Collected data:
_ _ _ _ _
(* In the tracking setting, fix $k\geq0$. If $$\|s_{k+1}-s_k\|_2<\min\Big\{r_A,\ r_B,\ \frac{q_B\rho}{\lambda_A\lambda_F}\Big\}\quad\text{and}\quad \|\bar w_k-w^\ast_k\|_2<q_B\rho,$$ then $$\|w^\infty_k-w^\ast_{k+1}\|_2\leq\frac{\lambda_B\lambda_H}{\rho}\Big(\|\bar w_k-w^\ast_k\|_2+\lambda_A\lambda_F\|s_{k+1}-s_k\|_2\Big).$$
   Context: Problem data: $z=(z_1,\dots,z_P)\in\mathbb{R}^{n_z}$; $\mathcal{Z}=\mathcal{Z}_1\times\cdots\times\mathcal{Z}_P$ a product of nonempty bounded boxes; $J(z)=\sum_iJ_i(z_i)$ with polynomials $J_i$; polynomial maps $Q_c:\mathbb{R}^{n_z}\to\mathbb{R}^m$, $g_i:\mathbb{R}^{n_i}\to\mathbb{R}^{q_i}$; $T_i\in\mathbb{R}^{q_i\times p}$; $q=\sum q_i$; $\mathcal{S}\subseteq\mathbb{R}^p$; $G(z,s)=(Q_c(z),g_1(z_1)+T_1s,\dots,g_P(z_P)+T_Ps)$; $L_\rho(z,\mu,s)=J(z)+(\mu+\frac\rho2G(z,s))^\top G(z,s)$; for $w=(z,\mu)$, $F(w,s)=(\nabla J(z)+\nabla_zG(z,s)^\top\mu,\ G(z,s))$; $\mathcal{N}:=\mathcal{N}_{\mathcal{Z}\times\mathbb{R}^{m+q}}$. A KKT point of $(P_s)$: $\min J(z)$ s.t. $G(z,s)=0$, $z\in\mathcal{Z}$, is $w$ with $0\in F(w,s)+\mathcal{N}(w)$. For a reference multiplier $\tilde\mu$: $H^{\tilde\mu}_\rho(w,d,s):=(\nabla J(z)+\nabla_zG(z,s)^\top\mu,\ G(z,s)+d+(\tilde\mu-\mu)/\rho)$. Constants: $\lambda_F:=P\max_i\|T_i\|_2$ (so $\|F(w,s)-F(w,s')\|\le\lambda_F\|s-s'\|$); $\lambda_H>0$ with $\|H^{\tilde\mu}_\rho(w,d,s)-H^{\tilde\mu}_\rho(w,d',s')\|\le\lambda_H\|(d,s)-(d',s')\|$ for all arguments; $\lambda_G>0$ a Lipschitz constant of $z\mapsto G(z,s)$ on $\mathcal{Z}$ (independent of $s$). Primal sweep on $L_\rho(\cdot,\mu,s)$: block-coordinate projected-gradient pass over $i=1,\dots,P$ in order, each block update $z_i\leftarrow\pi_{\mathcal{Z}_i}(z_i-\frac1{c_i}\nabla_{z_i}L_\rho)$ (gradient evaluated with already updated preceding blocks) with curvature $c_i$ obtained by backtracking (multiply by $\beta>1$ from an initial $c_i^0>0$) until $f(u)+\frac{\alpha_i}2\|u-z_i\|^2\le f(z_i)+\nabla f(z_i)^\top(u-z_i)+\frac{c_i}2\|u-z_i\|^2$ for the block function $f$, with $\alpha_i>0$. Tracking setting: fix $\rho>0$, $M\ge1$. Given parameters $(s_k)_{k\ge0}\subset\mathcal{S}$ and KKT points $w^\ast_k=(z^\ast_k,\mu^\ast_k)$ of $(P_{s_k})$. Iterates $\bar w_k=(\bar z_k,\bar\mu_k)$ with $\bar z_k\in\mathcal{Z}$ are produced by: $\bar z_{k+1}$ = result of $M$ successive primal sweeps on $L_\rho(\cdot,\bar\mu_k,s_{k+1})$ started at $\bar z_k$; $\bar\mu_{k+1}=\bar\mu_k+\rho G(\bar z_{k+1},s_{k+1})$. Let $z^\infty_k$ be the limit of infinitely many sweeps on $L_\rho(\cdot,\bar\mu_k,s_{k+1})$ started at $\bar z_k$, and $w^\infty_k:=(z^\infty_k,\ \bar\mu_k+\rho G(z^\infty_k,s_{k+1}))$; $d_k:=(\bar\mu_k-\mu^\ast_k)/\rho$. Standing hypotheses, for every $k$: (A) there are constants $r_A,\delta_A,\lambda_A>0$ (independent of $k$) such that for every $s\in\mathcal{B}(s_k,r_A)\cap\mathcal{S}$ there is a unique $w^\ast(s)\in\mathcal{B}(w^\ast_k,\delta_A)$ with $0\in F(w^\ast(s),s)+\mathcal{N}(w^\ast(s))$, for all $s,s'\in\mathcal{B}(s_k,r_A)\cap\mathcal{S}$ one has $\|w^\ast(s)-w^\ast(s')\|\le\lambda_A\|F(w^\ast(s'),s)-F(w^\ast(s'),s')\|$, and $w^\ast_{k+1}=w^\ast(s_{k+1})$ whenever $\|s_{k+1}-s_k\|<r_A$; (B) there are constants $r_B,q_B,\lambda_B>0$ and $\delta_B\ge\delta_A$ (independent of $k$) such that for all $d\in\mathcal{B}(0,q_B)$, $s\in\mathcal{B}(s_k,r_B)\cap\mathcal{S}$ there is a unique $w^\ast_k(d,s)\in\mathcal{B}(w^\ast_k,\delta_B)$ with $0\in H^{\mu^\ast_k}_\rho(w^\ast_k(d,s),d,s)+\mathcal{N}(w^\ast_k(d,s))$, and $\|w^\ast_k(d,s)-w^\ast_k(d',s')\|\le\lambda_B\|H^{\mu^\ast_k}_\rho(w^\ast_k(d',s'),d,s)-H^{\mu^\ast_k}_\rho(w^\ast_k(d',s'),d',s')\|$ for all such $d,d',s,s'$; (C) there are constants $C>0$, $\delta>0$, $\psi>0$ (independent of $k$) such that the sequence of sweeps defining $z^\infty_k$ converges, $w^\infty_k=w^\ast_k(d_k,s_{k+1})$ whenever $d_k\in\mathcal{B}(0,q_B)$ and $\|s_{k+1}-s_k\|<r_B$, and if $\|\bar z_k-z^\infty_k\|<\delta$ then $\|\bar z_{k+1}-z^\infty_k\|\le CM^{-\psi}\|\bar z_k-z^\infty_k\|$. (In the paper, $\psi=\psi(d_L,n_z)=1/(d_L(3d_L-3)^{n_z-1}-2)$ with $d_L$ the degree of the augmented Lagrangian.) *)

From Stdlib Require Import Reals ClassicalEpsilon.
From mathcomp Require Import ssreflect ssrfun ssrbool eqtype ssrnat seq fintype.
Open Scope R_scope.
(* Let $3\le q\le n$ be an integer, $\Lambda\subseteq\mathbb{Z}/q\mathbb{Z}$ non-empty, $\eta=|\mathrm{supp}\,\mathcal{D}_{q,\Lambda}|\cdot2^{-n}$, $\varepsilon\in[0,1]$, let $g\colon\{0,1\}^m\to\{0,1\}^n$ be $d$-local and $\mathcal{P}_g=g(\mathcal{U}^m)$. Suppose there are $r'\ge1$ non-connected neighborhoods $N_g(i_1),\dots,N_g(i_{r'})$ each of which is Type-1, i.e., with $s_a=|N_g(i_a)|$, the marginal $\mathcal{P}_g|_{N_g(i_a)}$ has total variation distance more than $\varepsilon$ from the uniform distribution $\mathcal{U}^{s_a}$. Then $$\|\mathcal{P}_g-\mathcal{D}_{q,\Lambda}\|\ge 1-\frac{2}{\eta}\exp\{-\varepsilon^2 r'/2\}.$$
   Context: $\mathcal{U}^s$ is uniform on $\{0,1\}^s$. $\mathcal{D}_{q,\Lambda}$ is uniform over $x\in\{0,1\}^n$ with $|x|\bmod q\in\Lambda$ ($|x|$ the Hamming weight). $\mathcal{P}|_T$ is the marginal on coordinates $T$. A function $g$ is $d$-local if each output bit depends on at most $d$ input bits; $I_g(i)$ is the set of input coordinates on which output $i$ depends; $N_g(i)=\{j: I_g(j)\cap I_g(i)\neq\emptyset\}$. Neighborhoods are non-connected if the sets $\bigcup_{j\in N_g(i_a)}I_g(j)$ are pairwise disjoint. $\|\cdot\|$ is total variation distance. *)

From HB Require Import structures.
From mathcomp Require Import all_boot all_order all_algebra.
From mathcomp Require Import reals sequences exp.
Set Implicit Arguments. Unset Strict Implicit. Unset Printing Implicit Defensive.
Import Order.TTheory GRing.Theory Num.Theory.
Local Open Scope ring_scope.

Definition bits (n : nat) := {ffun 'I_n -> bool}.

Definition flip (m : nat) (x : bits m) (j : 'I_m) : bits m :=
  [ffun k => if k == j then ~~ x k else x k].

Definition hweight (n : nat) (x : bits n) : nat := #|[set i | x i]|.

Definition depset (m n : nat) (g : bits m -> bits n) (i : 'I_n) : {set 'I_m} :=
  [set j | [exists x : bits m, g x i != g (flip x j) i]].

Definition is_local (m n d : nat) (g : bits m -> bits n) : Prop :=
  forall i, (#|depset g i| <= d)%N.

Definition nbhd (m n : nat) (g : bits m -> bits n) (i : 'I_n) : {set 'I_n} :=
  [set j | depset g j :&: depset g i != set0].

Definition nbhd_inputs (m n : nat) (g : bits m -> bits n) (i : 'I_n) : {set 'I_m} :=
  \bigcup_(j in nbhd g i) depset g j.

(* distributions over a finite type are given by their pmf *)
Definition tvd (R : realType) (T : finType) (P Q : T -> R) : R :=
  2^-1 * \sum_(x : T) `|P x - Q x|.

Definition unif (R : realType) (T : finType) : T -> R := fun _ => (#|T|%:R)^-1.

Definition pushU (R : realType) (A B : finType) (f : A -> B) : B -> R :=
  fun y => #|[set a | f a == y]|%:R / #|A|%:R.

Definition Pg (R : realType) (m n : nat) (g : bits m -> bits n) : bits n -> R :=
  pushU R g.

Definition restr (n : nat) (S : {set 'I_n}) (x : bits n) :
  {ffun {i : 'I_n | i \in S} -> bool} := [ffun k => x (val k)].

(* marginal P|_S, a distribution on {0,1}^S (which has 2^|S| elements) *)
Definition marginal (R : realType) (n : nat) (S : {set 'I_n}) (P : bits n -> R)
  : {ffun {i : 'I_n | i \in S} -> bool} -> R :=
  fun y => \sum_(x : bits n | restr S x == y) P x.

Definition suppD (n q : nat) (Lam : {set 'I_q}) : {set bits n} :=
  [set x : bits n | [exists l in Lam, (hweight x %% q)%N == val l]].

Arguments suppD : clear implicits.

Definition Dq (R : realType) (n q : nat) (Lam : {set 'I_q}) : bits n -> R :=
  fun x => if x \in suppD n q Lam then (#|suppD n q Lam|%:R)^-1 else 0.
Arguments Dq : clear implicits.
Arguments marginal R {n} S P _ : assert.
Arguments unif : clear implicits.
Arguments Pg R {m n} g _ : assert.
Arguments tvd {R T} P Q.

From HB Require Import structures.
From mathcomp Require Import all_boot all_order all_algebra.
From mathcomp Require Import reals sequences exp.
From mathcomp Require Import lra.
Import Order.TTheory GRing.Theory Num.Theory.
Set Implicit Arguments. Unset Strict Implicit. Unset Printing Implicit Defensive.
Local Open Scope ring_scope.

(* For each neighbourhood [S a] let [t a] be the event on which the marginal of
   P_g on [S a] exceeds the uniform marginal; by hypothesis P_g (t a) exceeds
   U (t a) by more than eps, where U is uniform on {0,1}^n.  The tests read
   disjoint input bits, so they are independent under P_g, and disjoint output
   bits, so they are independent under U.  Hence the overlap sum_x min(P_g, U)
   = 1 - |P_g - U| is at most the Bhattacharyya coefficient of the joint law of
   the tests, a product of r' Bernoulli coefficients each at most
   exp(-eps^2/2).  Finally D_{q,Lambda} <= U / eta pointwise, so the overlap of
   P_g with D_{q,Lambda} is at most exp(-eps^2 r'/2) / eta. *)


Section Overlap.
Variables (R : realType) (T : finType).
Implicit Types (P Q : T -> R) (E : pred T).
_ _ _ _ _
### Problem statement
Look above for the line with "Definition Pg (R" and the line with "x (val k)]."; transcribe both and all lines in between, exactly, and nothing else.

### Solution to this problem
Definition Pg (R : realType) (m n : nat) (g : bits m -> bits n) : bits n -> R :=
  pushU R g.

Definition restr (n : nat) (S : {set 'I_n}) (x : bits n) :
  {ffun {i : 'I_n | i \in S} -> bool} := [ffun k => x (val k)].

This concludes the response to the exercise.